I think it’s important to the original question to point out that a problem is likely to includes mixtures of different types of data. BaseX has an SQL module and Marklogic includes modules for RDF and you can write extensions and use http to integrate external systems in various XML database systems.

 

For the skeptical person that we are pitching XQuery and BaseX to it’s probably best to be prepared to describe a solution that isn’t unnaturally forcing XML to fit as the solution for every problem.

 

Kendall

 

From: Graydon Saunders <graydonish@gmail.com>
Date: Saturday, February 25, 2017 at 5:09 PM
To: Kendall Shaw <kendall.shaw@workday.com>
Cc: BaseX <basex-talk@mailman.uni-konstanz.de>
Subject: Re: [basex-talk] Somewhat unusual question

 

Hi Kendal --

 

If you don't stick to attributes, it's not hard to represent that kind of relationship graph in XML:

 

<people>

    <person name="cindy">

        <knows>karen</knows>

    </person>

    <person name="karen">

        <knows>linda</knows>

    </person>

    <person name="linda">

        <knows>sarah</knows>

    </person>

    <person name="sarah">

        <knows>wendy</knows>

    </person>

    <person name="wendy">

        <knows>cindy</knows>

    </person>

</people>

 

This way you can have a lot of <knows> elements (edges in the relationship graph) for an individual.  The XML graph and the represented graph don't match structurally and you'd have to go through and build maps or something in XQuery to manipulate the represented graph, but writing a function to get everybody who knows Cindy within a certain number of edges wouldn't be difficult.  (Taking off the "certain number of edges" obliges you to write some sort of cycle detection mechanism, which is harder and presumably the people behind SPARQL have already done so.)

 

So not quite as syntactically compact but I don't think XML is obviously unsuitable for "represent an arbitrary graph".  You have to pick your XML vocabulary carefully but "arbitrary graph" and "carefully" go naturally together.

 

-- Graydon

 

On Sat, Feb 25, 2017 at 7:42 PM, Kendall Shaw <kendall.shaw@workday.com> wrote:

On 2/25/17, 12:55 PM, "Liam R. E. Quin" <liam@w3.org> wrote:

    On Sat, 2017-02-25 at 10:02 +0000, Kendall Shaw wrote:
    > It’s interesting to me to know what sorts of applications seem like
    > they would be a good match for XQuery’s data model but turned out not
    > to be in some case.

    I agree that's interesting - I'm afraid I have more experience with
    what didn't work in SQL and did work with a forest store, probably
    because I don't often encounter people whose projects didn't fit with
    XML-related technologies. How do we find them?

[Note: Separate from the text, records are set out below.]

(* If the global optional splitting formula holds at $\tau$ with respect to $\mathbb{F}$, then for every $t\ge0$, $\mathcal{G}_t=\mathcal{N}\vee\sigma(\tau\nmid t)\vee\mathcal{F}_t$.
   Context: Let $(\Omega,\mathcal{A},\mathbb{Q})$ be a probability space with a right-continuous filtration $\mathbb{F}=(\mathcal{F}_t)_{t\ge0}$ such that $\mathcal{F}_0$ contains $\mathcal{N}^{\mathcal{F}_\infty}$, where for a $\sigma$-algebra $\mathcal{T}\subset\mathcal{A}$, $\mathcal{N}^{\mathcal{T}}$ denotes the $\sigma$-algebra generated by all subsets of $\mathcal{T}$-measurable $\mathbb{Q}$-null sets. Let $\tau$ be a random variable with values in $[0,\infty]$, let $\mathcal{N}=\mathcal{N}^{\sigma(\tau)\vee\mathcal{F}_\infty}$, and let $\mathbb{G}=(\mathcal{G}_t)_{t\ge0}$ with $\mathcal{G}_t=\mathcal{N}\vee\bigcap_{s>t}(\mathcal{F}_s\vee\sigma(\tau\wedge s))$. Identities between processes are understood up to indistinguishability outside an $\mathcal{N}$-measurable $\mathbb{Q}$-null set. For a function $Y''$ on $[0,\infty]\times(\mathbb{R}_+\times\Omega)$, $Y''(\tau)$ denotes the process $(t,\omega)\mapsto Y''(\tau(\omega),t,\omega)$. The global optional splitting formula at $\tau$ (with respect to $\mathbb{F}$) holds if for every $\mathbb{G}$-optional process $Y$ there exist $Y'\in\mathcal{O}(\mathbb{F})$ and a $\mathcal{B}[0,\infty]\otimes\mathcal{O}(\mathbb{F})$-measurable function $Y''$ on $[0,\infty]\times(\mathbb{R}_+\times\Omega)$ with $Y=Y'\mathbf{1}_{[0,\tau)}+Y''(\tau)\mathbf{1}_{[\tau,\infty)}$. For $a,b\in[0,\infty]$, $a\nmid b=a$ if $a\le b$ and $a\nmid b=\infty$ if $a>b$. *)

From HB Require Import structures.
From mathcomp Require Import all_boot all_order all_algebra.
From mathcomp Require Import all_classical all_reals all_analysis measurable_realfun.
Set Implicit Arguments. Unset Strict Implicit. Unset Printing Implicit Defensive.
Import Order.TTheory GRing.Theory Num.Theory.
Import numFieldNormedType.Exports.
Local Open Scope classical_set_scope.
Local Open Scope ring_scope.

 Aside from things like the 100,000 sensors scenario that you described, the friends example might be a case that is in the same area that XML makes sense.

With XPath having special support for hierarchical data, matching XML’s notion of element hierarchy, it’s perfect for data like:

<totem-pole>
<person name=”cindy”>
  <person name=”karen”>
    <person name=”linda”>
      <person name=”sarah”>
        <person name=”wendy”/>
      </person>
    </person>
  </person>
</person>
</totem-pole>

So you can us $person//*/@name to get cindy’s sub-friends. Also, the document is constrained to be well-formed by the rules of XML document types, based on elements having only 1 parent. But, friends aren’t constrained to have only have 1 super-friend. And poor Wendy gets no sub-friends.

A less restricted graph representation can represent that where hierarchy doesn’t have special status:

@prefix : <people#> .
:cindy :name “cindy” ; :knows :karen .
:karen :name “karen” ; :knows :linda .
:linda :name “linda” ; :knows :sarah .
:sarah :name “sarah” ; :knows :wendy .
:wendy :name “wendy” :knows :cindy .

And with SPARQL, having special support for graph traversal, matching RDF’s notion of connected edges, it’s perfect for data like above.

So, you can use ?p :knows/:name ?name to get cindy’s friend’s friend’s friend’s friend’s etc. Also, Wendy gets to have a friend too.

Representing something similar in XML, ignoring RDF XML which makes it even more complicated:

<friends>
  <person name=”cindy” knows=”karen”/>
  <person name=”karen” knows=”linda”/>
  <person name=”linda” knows=”sarah”/>
  <person name=”sarah” knows=”wendy”/>
  <person name=”wendy”/>
</friends>

The rules of XML document types don’t include special support for arbitrary attribute relationships, in the way that element hierarchy does have special status. You can write XQuery to navigate that data, but it’s not a simple expression and doesn’t use ancestor/descendant axes so maybe it’s not the best choice for the data.

The other way around, when most of the data is hierarchical it’s harder to use something like SPARQL with RDF than XPath with XML. And RDF is not necessarily the best representation for graphs where nodes and edges both have attributes.